4) Catriona Crowe, Head of Special Projects, National Archives of Ireland. Social consequences of free access to online census 1901 – 1911
A discussion on how the shame of ancestral poverty was overcome, perhaps
briefly, by curiosity about people’s ancestors, and how that might
influence current attitudes to poverty and deprivation.
5) Jennifer Edmond, Director of Strategic Projects, Faculty of Arts, Humanities and Social Sciences. Is more always better? CENDARI and the challenge of the ‘hidden’ WW1 archive.
The Collaborative European Digital Archival Research Infrastructure (CENDARI) is a four-year project charged with integrating digital archival resources for medieval and modern history. But its modern case study, spanning the period of the First World War, has raised some interesting questions about what this integration might mean for the study of history. This presentation will describe the challenge as we perceive it, as well as our strategy for making a positive intervention into the historical/archival research ecosystem.
6) Marie Wallace, Analytics Strategist, IBM. Can bigdata analytics rewrite history?
A long time before there was IBM Watson there was Father Busa, the father of digital humanities, challenging IBM founder Thomas J. Watson to build a computer program that could understand text.
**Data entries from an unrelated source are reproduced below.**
(* InpRS achieves $\epsilon$-LDP and guarantees that $\| \mathcal{C}^\beta(t)- {\mathcal{C}^{\beta}(t^* )}\|_1 = \tilde{O}\Big(\frac{2^{(d+k)/2}}{\epsilon\sqrt{N}}\Big)$ with constant probability.
   Context: There are $N$ users; user $i$ holds a vector in $\{0,1\}^d$, represented as an indicator vector $t_i\in\{0,1\}^{2^d}$ with a single 1 at index $j_i$, and $t=\sum_{i=1}^N t_i/N$ is the full (normalized) distribution. A mechanism $F$ is $\epsilon$-LDP if for all pairs of such indicator inputs $t_i,t'_i$ and every output $R$, $\Pr[F(t_i)=R]\le e^{\epsilon}\Pr[F(t'_i)=R]$. For $\beta\in\{0,1\}^d$ with $k$ ones, the $k$-way marginal operator is $\mathcal{C}^\beta(t)[\gamma]=\sum_{\eta:\eta\wedge\beta=\gamma} t[\eta]$ for $\gamma$ ranging over the $2^k$ values with support inside $\beta$. The algorithm InpRS (parallel randomized response on input): each user $i$ perturbs its value $t_i[\ell]$ at every index $\ell\in[2^d]$ independently using randomized response with privacy parameter $\epsilon/2$ (report the true bit with probability $p_r=e^{\epsilon/2}/(1+e^{\epsilon/2})$, otherwise the flipped bit) and releases all pairs $\langle \ell, b^*_{i,\ell}\rangle$. The aggregator debiases each report to an unbiased estimate (observed fraction $F$ mapped to $(F+p_r-1)/(2p_r-1)$), averages over users to obtain a reconstructed distribution $t^*$, and answers marginal $\beta$ by $\mathcal{C}^\beta(t^* )$. $\tilde{O}$ suppresses factors logarithmic in $N,d,k,\epsilon$; the number of users is assumed large relative to the number of cells, i.e. $N$ at least (up to log factors) proportional to $2^d$, and $\epsilon$ is bounded by a constant (the proof uses $0<\epsilon<2$). *)

From HB Require Import structures.
From mathcomp Require Import all_boot all_order all_algebra.
From mathcomp Require Import all_classical all_reals all_analysis.
Set Implicit Arguments. Unset Strict Implicit. Unset Printing Implicit Defensive.
Import Order.TTheory GRing.Theory Num.Theory.
Local Open Scope ring_scope.

Section InpRS.
Variable R : realType.

Definition cell (d : nat) := {ffun 'I_d -> bool}.

(* Randomized response with parameter eps/2: prob. of reporting the true bit. *)
Definition p_r (eps : R) : R := expR (eps / 2) / (1 + expR (eps / 2)).

Definition indic (d : nat) (j : cell d) : {ffun cell d -> bool} :=
  [ffun l => l == j].

Definition inprs_prob (d : nat) (eps : R) (j : cell d) (b : {ffun cell d -> bool}) : R :=
  \prod_(l : cell d) (if b l == indic j l then p_r eps else 1 - p_r eps).

Definition is_LDP (In Out : finType) (eps : R) (F : In -> Out -> R) : Prop :=
  forall (x x' : In) (o : Out), F x o <= expR eps * F x' o.

Definition joint_prob (d N : nat) (eps : R) (js : {ffun 'I_N -> cell d})
  (B : {ffun 'I_N -> {ffun cell d -> bool}}) : R :=
  \prod_(i < N) inprs_prob eps (js i) (B i).

Definition Pr (d N : nat) (eps : R) (js : {ffun 'I_N -> cell d})
  (E : pred {ffun 'I_N -> {ffun cell d -> bool}}) : R :=
  \sum_(B | E B) joint_prob eps js B.

Definition true_dist (d N : nat) (js : {ffun 'I_N -> cell d}) : {ffun cell d -> R} :=
  [ffun eta => (\sum_(i < N) (indic (js i) eta)%:R) / N%:R].

(* Aggregator's reconstruction t^* (debiased average of the reports). *)
Definition recon (d N : nat) (eps : R) (B : {ffun 'I_N -> {ffun cell d -> bool}})
  : {ffun cell d -> R} :=
  [ffun eta => (\sum_(i < N) (((B i eta)%:R + p_r eps - 1) / (2 * p_r eps - 1)))
               / N%:R].

Definition cand (d : nat) (x y : cell d) : cell d := [ffun a => x a && y a].

Definition supp_in (d : nat) (beta gamma : cell d) : bool :=
  [forall a, gamma a ==> beta a].

Definition marginal (d : nat) (beta : cell d) (t : {ffun cell d -> R}) (gamma : cell d) : R :=
  \sum_(eta : cell d | cand eta beta == gamma) t eta.

Definition marg_L1 (d : nat) (beta : cell d) (t t' : {ffun cell d -> R}) : R :=
  \sum_(gamma : cell d | supp_in beta gamma)
     `|marginal beta t gamma - marginal beta t' gamma|.

Definition weight (d : nat) (beta : cell d) : nat := #|[set a | beta a]|.

(* Polylogarithmic factor in N, d, k, eps (the factors suppressed by O~). *)
Definition polylog (N d k : nat) (eps : R) : R :=
  2 + ln N%:R + ln d.+1%:R + ln k.+1%:R + `|ln eps|.

End InpRS.

From Pilot Require Import Defs.
From HB Require Import structures.
From mathcomp Require Import all_boot all_order all_algebra.
From mathcomp Require Import all_classical all_reals all_analysis.
From mathcomp Require Import ring lra.
Set Implicit Arguments. Unset Strict Implicit. Unset Printing Implicit Defensive.
Import Order.TTheory GRing.Theory Num.Theory.
Local Open Scope ring_scope.

(* Privacy: each of the 2^d reported bits is randomized response with ratio
   e^(eps/2), and the indicator vectors of two inputs differ in at most two
   cells, so the output probabilities differ by a factor at most e^eps.
   Utility: each debiased cell estimate is unbiased with variance
   V <= 8 / eps^2 and the bits are independent, so the expected squared L2
   error of the marginal is at most V 2^d / N (every cell feeds exactly one
   entry of the marginal). By Markov, with probability 1/2 this squared error
   is at most 16 2^d / (eps^2 N), and the L1 norm of a vector with 2^k entries
   is at most sqrt(2^k) times its L2 norm. *)

Section ProductOfBits.
Variables (R : comPzRingType) (I J : finType).
Local Notation bits := {ffun I -> {ffun J -> bool}}.
Implicit Types (B : bits) (p s : I * J).

Lemma sum_prod_bits (F : I * J -> bool -> R) :
  \sum_(B : bits) \prod_(p : I * J) F p (B p.1 p.2)
  = \prod_(p : I * J) (F p true + F p false).
Proof.
transitivity (\sum_(B : bits) \prod_i \prod_j F (i, j) (B i j)).
  by apply: eq_bigr => B _; rewrite pair_bigA; apply: eq_bigr => -[i j].
rewrite -(bigA_distr_bigA (fun i (f : {ffun J -> bool}) => \prod_j F (i, j) (f j))).
under eq_bigr => i _ do rewrite -(bigA_distr_bigA (fun j (b : bool) => F (i, j) b)).
by rewrite pair_bigA; apply: eq_bigr => -[i j] _; rewrite big_bool.
Qed.

Variable q : I * J -> bool -> R.
Hypothesis q_sum1 : forall p, q p true + q p false = 1.

Definition prod_prob B : R := \prod_(p : I * J) q p (B p.1 p.2).

Lemma expect_prod (phi : I * J -> bool -> R) :
  \sum_(B : bits) prod_prob B * \prod_(p : I * J) phi p (B p.1 p.2)
  = \prod_(p : I * J) (q p true * phi p true + q p false * phi p false).
Proof.
rewrite -(sum_prod_bits (fun p b => q p b * phi p b)).
by apply: eq_bigr => B _; rewrite -big_split.
Qed.

Lemma prod_prob_sum1 : \sum_(B : bits) prod_prob B = 1.
Proof. by rewrite sum_prod_bits big1. Qed.

Variable x : I * J -> bool -> R.
Hypothesis x_mean0 : forall p, q p true * x p true + q p false * x p false = 0.

Definition second_moment p : R := q p true * x p true ^+ 2 + q p false * x p false ^+ 2.

Lemma expect_cross s s' :
  \sum_(B : bits) prod_prob B * (x s (B s.1 s.2) * x s' (B s'.1 s'.2))
  = if s == s' then second_moment s else 0.
Proof.
pose phi p b := (if p == s then x s b else 1) * (if p == s' then x s' b else 1).
transitivity (\sum_(B : bits) prod_prob B * \prod_(p : I * J) phi p (B p.1 p.2)).
  apply: eq_bigr => B _; rewrite big_split /= -!big_mkcond.
  by rewrite !big_pred1_eq.
rewrite expect_prod (bigD1 s) //= /phi eqxx.
have [<-|_] := eqVneq s s'; last by rewrite !mulr1 x_mean0 mul0r.
rewrite big1 ?mulr1; first by rewrite /second_moment !expr2.
by move=> p /negbTE ->; rewrite !mulr1 q_sum1.
Qed.

Lemma expect_sq_lincomb (a : I * J -> R) :
  \sum_(B : bits) prod_prob B * (\sum_(p : I * J) a p * x p (B p.1 p.2)) ^+ 2
  = \sum_(p : I * J) a p ^+ 2 * second_moment p.
Proof.
transitivity (\sum_(B : bits) \sum_(s : I * J) \sum_(s' : I * J)
   a s * a s' * (prod_prob B * (x s (B s.1 s.2) * x s' (B s'.1 s'.2)))).
  apply: eq_bigr => B _; rewrite expr2 mulr_suml mulr_sumr.
  apply: eq_bigr => s _; rewrite !mulr_sumr.
  by apply: eq_bigr => s' _; ring.
rewrite exchange_big; apply: eq_bigr => s _; rewrite exchange_big /=.
under eq_bigr => s' _ do rewrite -mulr_sumr expect_cross.
rewrite (bigD1 s) //= eqxx big1 ?addr0; first by rewrite expr2.
by move=> s' ne; rewrite eq_sym (negbTE ne) mulr0.
Qed.
(* Under the assumptions and notation of the context, let $(\mathbf x_N,\mathbf m_N,\mathbf p_N,\mathbf y_N)$ be the unique solution of the system (AV$_N$) and $(\mathbf m,\mathbf p,\mathbf y)$ the unique solution of (MF). Then there is a constant $C$ independent of $N$ and of the initial states such that $\sup_{0\le t\le T}\big(|\mathbf x_N(t)-\mathbf m(t)|+|\mathbf m_N(t)-\mathbf m(t)|+|\mathbf p_N(t)-\mathbf p(t)|+|\mathbf y_N(t)-\mathbf y(t)|\big)\le C|x^{(N)}(0)-m_0|$, where $x^{(N)}(0)=\frac1N\sum_{i=1}^Nx_i(0)$.
   Context: Fix integers $n,n_1\ge1$, $T>0$, constant matrices $A,G,\Gamma\in\mathbb R^{n\times n}$, $B\in\mathbb R^{n\times n_1}$, $\eta,m_0\in\mathbb R^n$, $\gamma>0$, symmetric $Q\ge0$, $H\ge0$ ($n\times n$), $R>0$ ($n_1\times n_1$); $x_1(0),\dots,x_N(0)\in\mathbb R^n$ deterministic. Write $\widehat Q=(I-\Gamma)^TQ(I-\Gamma)$, $|z|_M^2=z^TMz$, $\|h\|_{L^2}=(\int_0^T|h|^2dt)^{1/2}$. Assume (H1): with $\dot z=(A+G)z+g$, $z(0)=0$, $\bar J''(g)=\int_0^T\{-z^T\widehat Qz+\frac1\gamma|g|^2\}dt-z(T)^THz(T)$, there is $\epsilon_0>0$ with $\bar J''(g)\ge\epsilon_0\|g\|_{L^2}^2$ for all $g$; and (H2): for $\nu\in L^2(0,T;\mathbb R^{n_1})$ let $(z_i,z,q)$ solve $\dot z_i=Az_i+B\nu+Gz+\gamma q$, $\dot z=(A+G)z+\gamma q$, $\dot q=-(A+G)^Tq-(I-\Gamma)^TQ(z_i-\Gamma z)$, $z_i(0)=z(0)=0$, $q(T)=Hz_i(T)$, $\bar J^a(\nu)=\int_0^T\{|z_i-\Gamma z|_Q^2+\nu^TR\nu-\gamma|q|^2\}dt+|z_i(T)|_H^2$, and there is $\delta_0>0$ with $\bar J^a(\nu)\ge\delta_0\|\nu\|_{L^2}^2$ for all $\nu$. Assume (MF): $\dot{\mathbf m}=(A+G)\mathbf m+BR^{-1}B^T\mathbf y+\gamma\mathbf p$, $\dot{\mathbf p}=-(A+G)^T\mathbf p-(I-\Gamma)^TQ[\mathbf m-(\Gamma\mathbf m+\eta)]$, $\dot{\mathbf y}=-A^T\mathbf y+Q[\mathbf m-(\Gamma\mathbf m+\eta)]$, $\mathbf m(0)=m_0$, $\mathbf p(T)=H\mathbf m(T)$, $\mathbf y(T)=-H\mathbf m(T)$, has a unique solution, and set $\bar u^*=R^{-1}B^T\mathbf y$. (AV$_N$): $\dot{\mathbf x}_N=A\mathbf x_N+BR^{-1}B^T\mathbf y_N+G\mathbf m_N+\gamma\mathbf p_N$, $\dot{\mathbf m}_N=(A+G)\mathbf m_N+B\bar u^*+\gamma\mathbf p_N$, $\dot{\mathbf p}_N=-(A+G)^T\mathbf p_N-(I-\Gamma)^TQ[\mathbf x_N-(\Gamma\mathbf m_N+\eta)]$, $\dot{\mathbf y}_N=-A^T\mathbf y_N+Q[\mathbf x_N-(\Gamma\mathbf m_N+\eta)]$, with $\mathbf x_N(0)=\frac1N\sum_{i=1}^Nx_i(0)$, $\mathbf m_N(0)=m_0$, $\mathbf p_N(T)=H\mathbf x_N(T)$, $\mathbf y_N(T)=-H\mathbf x_N(T)$ (uniquely solvable under these assumptions). *)

From Stdlib Require Import Reals Lra Lia.
Open Scope R_scope.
Sixty years later IBM has Watson, and was again being challenged by a humanist. This time it was Professor Jane Ohlmeyer, Erasmus Smith’s Professor of Modern History at Trinity College Dublin. She not only wanted us to understand ancient historical texts, but to piece together the facts extracted so that we could effectively undercover the truth hiding behind the story. Using a combination of content, semantic, and social network analysis, we were able to build a more complete picture of the Irish Rebellion of 1641 and help historians better understand a complex and troubled period in Irish history.